Task brief ▸
Among the entries below, extract exactly the lines that run from the one with "v) ++ fv_f F" through the one with "step (plugE E (reset v)) (plugE E v).", both ends included.

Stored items
Definition nlam (x : atom) (t : term) : term := lam (close x t).
Definition nshift (k : atom) (t : term) : term := shift (close k t).

Inductive val : Type :=
| VLam : term -> val
| VVar : atom -> val.

Definition val_term (v : val) : term :=
  match v with VLam b => lam b | VVar x => fvar x end.
Coercion val_term : val >-> term.

Definition is_value (t : term) : Prop := exists v : val, t = val_term v.

Inductive fctx : Type :=
| FHole : fctx
| FAppR : val -> fctx -> fctx
| FAppL : fctx -> term -> fctx.

Inductive ectx : Type :=
| EHole : ectx
| EAppR : val -> ectx -> ectx
| EAppL : ectx -> term -> ectx
| EReset : ectx -> ectx.

Fixpoint plugF (F : fctx) (t : term) : term :=
  match F with
  | FHole => t
  | FAppR v F => app (val_term v) (plugF F t)
  | FAppL F u => app (plugF F t) u
  end.

Fixpoint plugE (E : ectx) (t : term) : term :=
  match E with
  | EHole => t
  | EAppR v E => app (val_term v) (plugE E t)
  | EAppL E u => app (plugE E t) u
  | EReset E => reset (plugE E t)
  end.

Fixpoint f2e (F : fctx) : ectx :=
  match F with
  | FHole => EHole
  | FAppR v F => EAppR v (f2e F)
  | FAppL F u => EAppL (f2e F) u
  end.

Fixpoint ecomp (E1 E2 : ectx) : ectx :=
  match E1 with
  | EHole => E2
  | EAppR v E => EAppR v (ecomp E E2)
  | EAppL E u => EAppL (ecomp E E2) u
  | EReset E => EReset (ecomp E E2)
  end.

Fixpoint fv_f (F : fctx) : list atom :=
  match F with
  | FHole => []
  | FAppR v F => fv (val_term v) ++ fv_f F
  | FAppL F u => fv_f F ++ fv u
  end.

Fixpoint fv_e (E : ectx) : list atom :=
  match E with
  | EHole => []
  | EAppR v E => fv (val_term v) ++ fv_e E
  | EAppL E u => fv_e E ++ fv u
  | EReset E => fv_e E
  end.

(* reduction.  In the shift rule, lambda x.<F[x]> (x not in fv F) is the
   lambda whose body is <F[bvar 0]>. *)
Inductive step : term -> term -> Prop :=
| step_beta : forall (E : ectx) (b : term) (v : val),
    step (plugE E (app (lam b) v)) (plugE E (open b v))
| step_shift : forall (E : ectx) (F : fctx) (b : term),
    step (plugE E (reset (plugF F (shift b))))
         (plugE E (reset (open b (lam (reset (plugF F (bvar 0)))))))
| step_reset : forall (E : ectx) (v : val),
    step (plugE E (reset v)) (plugE E v).

Definition irreducible (t : term) : Prop := forall t', ~ step t t'.

Definition eval (t t' : term) : Prop :=
  clos_refl_trans term step t t' /\ irreducible t'.

Definition stuck (t : term) : Prop := ~ is_value t /\ irreducible t.
Definition normal_form (t : term) : Prop := is_value t \/ stuck t.

Definition control_stuck (t : term) : Prop :=
  exists (F : fctx) (b : term), t = plugF F (shift b).
Definition open_stuck (t : term) : Prop :=
  exists (E : ectx) (x : atom) (v : val), t = plugE E (app (fvar x) v).

(* general contexts, with named binders; filling may capture *)
Inductive ctx : Type :=
| CHole : ctx
| CLam : atom -> ctx -> ctx
| CAppL : ctx -> term -> ctx
| CAppR : term -> ctx -> ctx
| CShift : atom -> ctx -> ctx
| CReset : ctx -> ctx.

Fixpoint fill (C : ctx) (t : term) : term :=
  match C with
  | CHole => t
  | CLam x C => nlam x (fill C t)
  | CAppL C u => app (fill C t) u
  | CAppR u C => app u (fill C t)
  | CShift k C => nshift k (fill C t)
  | CReset C => reset (fill C t)
  end.

Fixpoint ctx_wf (C : ctx) : Prop :=
  match C with
  | CHole => True
  | CLam _ C | CShift _ C | CReset C => ctx_wf C
  | CAppL C u | CAppR u C => lc u /\ ctx_wf C
  end.

Definition evals_to_value (t : term) : Prop :=
  exists t', eval t t' /\ is_value t'.
Definition evals_to_control_stuck (t : term) : Prop :=
  exists t', eval t t' /\ control_stuck t'.

Definition ctx_equiv (t0 t1 : term) : Prop :=
  forall C : ctx, ctx_wf C -> closed (fill C t0) -> closed (fill C t1) ->
    (evals_to_value (fill C t0) <-> evals_to_value (fill C t1)) /\
    (evals_to_control_stuck (fill C t0) <-> evals_to_control_stuck (fill C t1)).

Definition val_at (v : val) (y : atom) : term :=
  match v with
  | VVar x => app (fvar x) (fvar y)
  | VLam b => open b (fvar y)
  end.

(* extension of R to evaluation contexts ("for fresh x" read as: for every
   fresh x) *)
Definition ectx_rel (R : term -> term -> Prop) (E0 E1 : ectx) : Prop :=
  (exists (E0' E1' : ectx) (F0 F1 : fctx),
      E0 = ecomp E0' (EReset (f2e F0)) /\ E1 = ecomp E1' (EReset (f2e F1)) /\
      forall x : atom, ~ In x (fv_e E0) -> ~ In x (fv_e E1) ->
        R (plugE E0' (fvar x)) (plugE E1' (fvar x)) /\
        R (reset (plugF F0 (fvar x))) (reset (plugF F1 (fvar x))))
  \/
  (exists F0 F1 : fctx, E0 = f2e F0 /\ E1 = f2e F1 /\
      forall x : atom, ~ In x (fv_f F0) -> ~ In x (fv_f F1) ->
        R (plugF F0 (fvar x)) (plugF F1 (fvar x))).

Definition val_rel (R : term -> term -> Prop) (v0 v1 : val) : Prop :=
  forall x : atom, ~ In x (fv v0) -> ~ In x (fv v1) -> R (val_at v0 x) (val_at v1 x).

Definition nf_rel (R : term -> term -> Prop) (t0 t1 : term) : Prop :=
  (exists v0 v1 : val, t0 = v0 /\ t1 = v1 /\ val_rel R v0 v1)
  \/
  (exists (F0 F1 : fctx) (b0 b1 : term),
      t0 = plugF F0 (shift b0) /\ t1 = plugF F1 (shift b1) /\
      ectx_rel R (f2e F0) (f2e F1) /\
      forall k : atom, ~ In k (fv b0) -> ~ In k (fv b1) ->
        R (reset (open b0 (fvar k))) (reset (open b1 (fvar k))))
  \/
  (exists (E0 E1 : ectx) (x : atom) (v0 v1 : val),
      t0 = plugE E0 (app (fvar x) v0) /\ t1 = plugE E1 (app (fvar x) v1) /\
      ectx_rel R E0 E1 /\ val_rel R v0 v1).

Definition nf_simulation (R : term -> term -> Prop) : Prop :=
  forall t0 t1 t0', R t0 t1 -> eval t0 t0' ->
    exists t1', eval t1 t1' /\ nf_rel R t0' t1'.

Definition nf_bisimulation (R : term -> term -> Prop) : Prop :=
  nf_simulation R /\ nf_simulation (fun a b => R b a).

Definition nf_bisimilar (t0 t1 : term) : Prop :=
  exists R, nf_bisimulation R /\ R t0 t1.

Result of the exercise ▸
  | FAppR v F => fv (val_term v) ++ fv_f F
  | FAppL F u => fv_f F ++ fv u
  end.

Fixpoint fv_e (E : ectx) : list atom :=
  match E with
  | EHole => []
  | EAppR v E => fv (val_term v) ++ fv_e E
  | EAppL E u => fv_e E ++ fv u
  | EReset E => fv_e E
  end.

(* reduction.  In the shift rule, lambda x.<F[x]> (x not in fv F) is the
   lambda whose body is <F[bvar 0]>. *)
Inductive step : term -> term -> Prop :=
| step_beta : forall (E : ectx) (b : term) (v : val),
    step (plugE E (app (lam b) v)) (plugE E (open b v))
| step_shift : forall (E : ectx) (F : fctx) (b : term),
    step (plugE E (reset (plugF F (shift b))))
         (plugE E (reset (open b (lam (reset (plugF F (bvar 0)))))))
| step_reset : forall (E : ectx) (v : val),
    step (plugE E (reset v)) (plugE E v).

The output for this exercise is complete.